(* Let $\mathcal{Y}=\{1,\dots,K\}$, let $(X,Y)$ have clean posterior $\eta(x)=[P(Y=k\mid X=x)]_k$, and let the noisy label be generated by an instance-dependent transition matrix $T(x)$, $T_{ij}(x)=P(Y^n=j\mid Y=i,X=x)$, diagonally dominant ($T_{ii}(x)>T_{ij}(x)$ for $j\ne i$). Let $Y^*(x)=\arg\max_k\eta_k(x)$ and $\delta(x)=1-\eta_{Y^*(x)}(x)$. Consider the empirical overfitted case (training set of full support with exactly one noisy label $y^n\sim P(Y^n\mid X=x)$ per $x$, empirical risk minimized per sample), in which the NC model predicts the one-hot vector $\mathbf{e}_{y^n}$ and the FC model predicts the one-hot vector $\mathbf{e}_{k^*(y^n)}$, where $k^*(j)=\arg\max_k T_{kj}(x)$. Then: (a) To first order, with error terms $\varepsilon=\mathcal{O}(\mathbb{E}_X[\delta(X)])$, \[\mathrm{ACC}_{\mathtt{NC}}=\mathbb{E}_X\big[(1-\delta(X))T_{Y^*,Y^*}(X)\big]+\varepsilon,\qquad \mathrm{ACC}_{\mathtt{FC}}=\mathbb{E}_X\big[(1-\delta(X))C_{Y^*}(X)\big]+\varepsilon,\] where $C_{Y^*}(X)=\sum_{j:\,k^*(j)=Y^*}T_{Y^*,j}(X)$ and $Y^*=Y^*(X)$. (b) The prediction confidence equals $1$ everywhere for both methods, and $\mathrm{ECE}_{\mathtt{FC}}=1-\mathrm{ACC}_{\mathtt{FC}}$, $\mathrm{ECE}_{\mathtt{NC}}=1-\mathrm{ACC}_{\mathtt{NC}}$.
   Context: Accuracy is measured against the clean label: $\mathrm{ACC}=\mathbb{E}_X[P(Y^f=Y\mid X)]$ where $Y^f$ is the predicted class ($y^n$ for NC, $k^*(y^n)$ for FC, with $y^n$ random). For a predictor with probability output $\hat p$, confidence is $C=\max_k\hat p_k$ and $\mathrm{ECE}=\mathbb{E}_C[|P(Y=Y^f\mid C)-C|]$. NC refers to minimizing cross-entropy $-\log\hat p_{y^n}(x)$ and FC to minimizing $-\log([T(x)^\top\hat p(x)]_{y^n})$; their per-sample minimizers over the probability simplex are the one-hot vectors stated. *)

From HB Require Import structures.
From mathcomp Require Import all_boot all_order all_algebra.
From mathcomp Require Import all_classical all_reals all_analysis.
Set Implicit Arguments. Unset Strict Implicit. Unset Printing Implicit Defensive.
Import Order.TTheory GRing.Theory Num.Theory.
Local Open Scope ring_scope.

Section Defs.
Context {R : realType} {T : Type} {K : nat}.

(* eta x : clean posterior, eta x i = P(Y = i | X = x).
   Tm x i j = P(Y^n = j | Y = i, X = x).
   f x j    = predicted class when the observed noisy label is j
             (NC : f x j = j ; FC : f x j = k*(j)).                        *)

(* P(Y^f = Y | X = x), computed from the joint conditional law
   P(Y = i, Y^n = j | X = x) = eta x i * Tm x i j. *)
Definition cond_acc (eta : T -> 'I_K -> R) (Tm : T -> 'I_K -> 'I_K -> R)
  (f : T -> 'I_K -> 'I_K) (x : T) : R :=
  \sum_(i < K) \sum_(j < K) eta x i * Tm x i j * ((f x j == i)%:R).

Definition onehot (k : 'I_K) : 'I_K -> R := fun l => (l == k)%:R.

Definition confidence (p : 'I_K -> R) : R := \big[Num.max/0]_(k < K) p k.

Definition is_prob_vector (p : 'I_K -> R) : Prop :=
  (forall k, 0 <= p k) /\ \sum_(k < K) p k = 1.

End Defs.

Section Measure.
Context {R : realType} {d : measure_display} {T : measurableType d} {K : nat}.
Local Open Scope ereal_scope.

Definition ACC (P : probability T R) eta Tm (f : T -> 'I_K -> 'I_K) : \bar R :=
  \int[P]_x (@cond_acc R T K eta Tm f x)%:E.

(* ECE = E_C[ | P(Y = Y^f | C) - C | ] for a confidence C taking its values
   in the finite list S (S duplicate free):
   ECE = sum_{c in S} P(C = c) | P(Y = Y^f | C = c) - c |
       = sum_{c in S} | P(Y = Y^f, C = c) - c P(C = c) |,
   where the joint law of (X, Y, Y^n) is P(dx) eta x i Tm x i j and the
   prediction on (x, Y^n = j) is phat x j, with predicted class f x j. *)
Definition ECE (P : probability T R) eta Tm (phat : T -> 'I_K -> 'I_K -> R)
  (f : T -> 'I_K -> 'I_K) (S : seq R) : \bar R :=
  \sum_(c <- S)
    `| \int[P]_x (\sum_(i < K) \sum_(j < K)
          eta x i * Tm x i j * ((confidence (phat x j) == c)%:R)
          * ((f x j == i)%:R - c))%:E |.

End Measure.

From HB Require Import structures.
From mathcomp Require Import all_boot all_order all_algebra.
From mathcomp Require Import all_classical all_reals all_analysis.
From mathcomp Require Import measurable_realfun.
Import Order.TTheory GRing.Theory Num.Theory.
Local Open Scope ring_scope.

Set Implicit Arguments. Unset Strict Implicit.

(* Given x, the conditional accuracy is the convex combination
   sum_i eta_i(x) a_i(x), where a_i(x) = P(Y^f = i | Y = i, X = x) is in [0, 1].
   Dropping every term but i = Y*(x) changes it by at most the sum of the
   eta_i(x) over i <> Y*(x), which is delta(x); integrating gives (a) with
   constant 1, since a_{Y*} is T_{Y*,Y*} for NC and C_{Y*} for FC.  A one-hot
   prediction has confidence 1, so only the bin c = 1 contributes to the ECE,
   and there it equals E[1 - P(Y^f = Y | X)] = 1 - ACC. *)

Section ProbVector.
Context {R : realType} {K : nat}.
Implicit Types (p t a : 'I_K -> R) (f : 'I_K -> 'I_K).

Lemma confidence_onehot (k : 'I_K) : confidence (@onehot R K k) = 1.
Proof.
have off_k : \big[Num.max/0]_(i < K | i != k) onehot k i = 0 :> R.
  apply: (big_ind (fun v : R => v = 0)) => // [u v -> ->|i /negbTE].
    by rewrite maxxx.
  by rewrite /onehot => ->.
by rewrite /confidence (bigD1 k) //= off_k /onehot eqxx max_l ?ler01.
Qed.

Lemma prob_vector_le1 p k : is_prob_vector p -> p k <= 1.
Proof.
by move=> [p0 <-]; rewrite (bigD1 k) //= lerDl sumr_ge0.
Qed.

Lemma convex_comb_ge0 p a : is_prob_vector p -> (forall i, 0 <= a i) ->
  0 <= \sum_i p i * a i.
Proof. by move=> [p0 _] a0; apply: sumr_ge0 => i _; rewrite mulr_ge0. Qed.

Lemma convex_comb_le1 p a : is_prob_vector p -> (forall i, a i <= 1) ->
  \sum_i p i * a i <= 1.
Proof.
move=> [p0 p1] a1; rewrite -p1; apply: ler_sum => i _; exact: ler_piMr.
Qed.

Lemma convex_comb_drop_terms p a k :
  is_prob_vector p -> (forall i, 0 <= a i <= 1) ->
  0 <= \sum_i p i * a i - p k * a k <= 1 - p k.
Proof.
move=> [p0 p1] a01; rewrite -p1 (bigD1 k) //= [X in _ <= _ <= X - _](bigD1 k) //=.
rewrite addrAC subrr add0r addrAC subrr add0r.
apply/andP; split; first by apply: sumr_ge0 => i _; case/andP: (a01 i) => *; rewrite mulr_ge0.
by apply: ler_sum => i _; case/andP: (a01 i) => *; rewrite ler_piMr.
Qed.

Definition hit_prob t f (i : 'I_K) : R := \sum_j t j * (f j == i)%:R.

Lemma hit_probE t f i : hit_prob t f i = \sum_(j | f j == i) t j.
Proof.
rewrite /hit_prob [RHS]big_mkcond; apply: eq_bigr => j _.
by case: (f j == i); rewrite ?mulr1 ?mulr0.
Qed.

Lemma hit_prob_id t i : hit_prob t (fun j => j) i = t i.
Proof. by rewrite hit_probE big_pred1_eq. Qed.

Lemma hit_prob_ge0 t f i : is_prob_vector t -> 0 <= hit_prob t f i.
Proof. by move=> [t0 _]; rewrite hit_probE sumr_ge0. Qed.

Lemma hit_prob_le1 t f i : is_prob_vector t -> hit_prob t f i <= 1.
Proof.
move=> [t0 <-]; rewrite hit_probE [leRHS](bigID (fun j => f j == i)) /= lerDl.
exact: sumr_ge0.
Qed.

End ProbVector.

Section CondAcc.
Context {R : realType} {T : Type} {K : nat}.
Variables (eta : T -> 'I_K -> R) (Tm : T -> 'I_K -> 'I_K -> R).
Hypotheses (eta_prob : forall x, is_prob_vector (eta x))
  (Tm_prob : forall x i, is_prob_vector (Tm x i)).

Lemma cond_accE f x :
  cond_acc eta Tm f x = \sum_i eta x i * hit_prob (Tm x i) (f x) i.
Proof.
rewrite /cond_acc; apply: eq_bigr => i _; rewrite mulr_sumr.
by apply: eq_bigr => j _; rewrite mulrA.
Qed.

Lemma cond_acc_ge0 f x : 0 <= cond_acc eta Tm f x.
Proof. by rewrite cond_accE convex_comb_ge0 // => i; apply: hit_prob_ge0. Qed.

Lemma cond_acc_le1 f x : cond_acc eta Tm f x <= 1.
Proof. by rewrite cond_accE convex_comb_le1 // => i; apply: hit_prob_le1. Qed.

Lemma cond_acc_sub1E f x :
  \sum_i \sum_j eta x i * Tm x i j * ((f x j == i)%:R - 1) = cond_acc eta Tm f x - 1.
Proof.
have joint_mass : \sum_i \sum_j eta x i * Tm x i j = 1.
  rewrite -(proj2 (eta_prob x)); apply: eq_bigr => i _.
  by rewrite -mulr_sumr (proj2 (Tm_prob x i)) mulr1.
rewrite /cond_acc -[X in _ = _ - X]joint_mass -sumrB; apply: eq_bigr => i _.
by rewrite -sumrB; apply: eq_bigr => j _; rewrite mulrBr mulr1.
Qed.

Lemma cond_acc_drop_terms f x k :
  0 <= cond_acc eta Tm f x - eta x k * hit_prob (Tm x k) (f x) k <= 1 - eta x k.
Proof.
rewrite cond_accE; apply: convex_comb_drop_terms => // i.
by rewrite hit_prob_ge0 ?hit_prob_le1.
Qed.

End CondAcc.

Section Integrals.
Context {R : realType} {d : measure_display} {X : measurableType d}.
Variable P : probability X R.

Lemma probability_inhabited : inhabited X.
Proof.
have [[x _]|noX] := pselect (exists x : X, True); first by constructor.
have X0 : setT = set0 :> set X by apply/seteqP; split => // x _; apply: noX; exists x.
by have := probability_setT P; rewrite X0 measure0 => /eqP; rewrite eqe eq_sym oner_eq0.
Qed.

Lemma measurable_fun_indic_eq (K : nat) (g : X -> 'I_K) k :
  measurable [set x | g x = k] -> measurable_fun setT (fun x => (g x == k)%:R : R).
Proof.
move=> mgk; rewrite (_ : (fun x => _) = \1_[set x | g x = k]); first exact: measurable_indic.
apply/funext => x; rewrite indicE; congr (_%:R).
by case: eqVneq => gxk; [rewrite mem_set | rewrite memNset //=; apply/eqP].
Qed.

Lemma measurable_fun_select (K : nat) (g : X -> 'I_K) (h : 'I_K -> X -> R) :
  (forall k, measurable [set x | g x = k]) -> (forall k, measurable_fun setT (h k)) ->
  measurable_fun setT (fun x => h (g x) x).
Proof.
move=> mg mh; rewrite (_ : (fun x => _) = fun x => \sum_k (g x == k)%:R * h k x).
  by apply: measurable_sum => k; apply: measurable_funM => //; exact: measurable_fun_indic_eq.
apply/funext => x; rewrite (bigD1 (g x)) //= eqxx mul1r big1 ?addr0 // => k.
by rewrite eq_sym => /negbTE ->; rewrite mul0r.
Qed.

Lemma integrable_bounded (g : X -> R) (M : R) : measurable_fun setT g ->
  (forall x, `|g x| <= M) -> P.-integrable setT (EFin \o g).
Proof.
move=> mg gM; apply: measurable_bounded_integrable => //.
  by rewrite (le_lt_trans (probability_le1 _ _)) ?ltry.
by exists M; split=> [|N MN x _]; [exact: num_real | exact: le_trans (gM x) (ltW MN)].
Qed.

Lemma abse_integralB_le (F G D : X -> R) (M : R) :
  measurable_fun setT F -> measurable_fun setT G -> measurable_fun setT D ->
  (forall x, `|F x| <= M) -> (forall x, `|G x| <= M) ->
  (forall x, 0 <= F x - G x <= D x) ->
  (`| \int[P]_x (F x)%:E - \int[P]_x (G x)%:E | <= \int[P]_x (D x)%:E)%E.
Proof.
move=> mF mG mD FM GM FGD.
rewrite -integralB_EFin //; try exact: integrable_bounded.
have mFG : measurable_fun setT (EFin \o (fun x => F x - G x)).
  exact/measurable_EFinP/measurable_funB.
under eq_integral do rewrite -EFinB.
apply: le_trans (le_abse_integral _ _ mFG) _ => //.
apply: ge0_le_integral => //; first exact: measurableT_comp.
  exact/measurable_EFinP.
by move=> x _; have /andP[? ?] := FGD x; rewrite /= lee_fin ger0_norm.
Qed.

End Integrals.

Section Accuracy.
Context {R : realType} {d : measure_display} {X : measurableType d} {K : nat}.
Variables (P : probability X R) (eta : X -> 'I_K -> R) (Tm : X -> 'I_K -> 'I_K -> R).
Hypotheses (eta_meas : forall k, measurable_fun setT (fun x => eta x k))
  (Tm_meas : forall i j, measurable_fun setT (fun x => Tm x i j))
  (eta_prob : forall x, is_prob_vector (eta x))
  (Tm_prob : forall x i, is_prob_vector (Tm x i)).
Variable f : X -> 'I_K -> 'I_K.
Hypothesis f_meas : forall i j, measurable_fun setT (fun x => (f x j == i)%:R : R).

━━━━━━━━━━━━━━━━━━━━

_Your instructions:_ Across the entries above, tally every line that includes the string "exists", then state only the count.

_Exercise solution:_ 3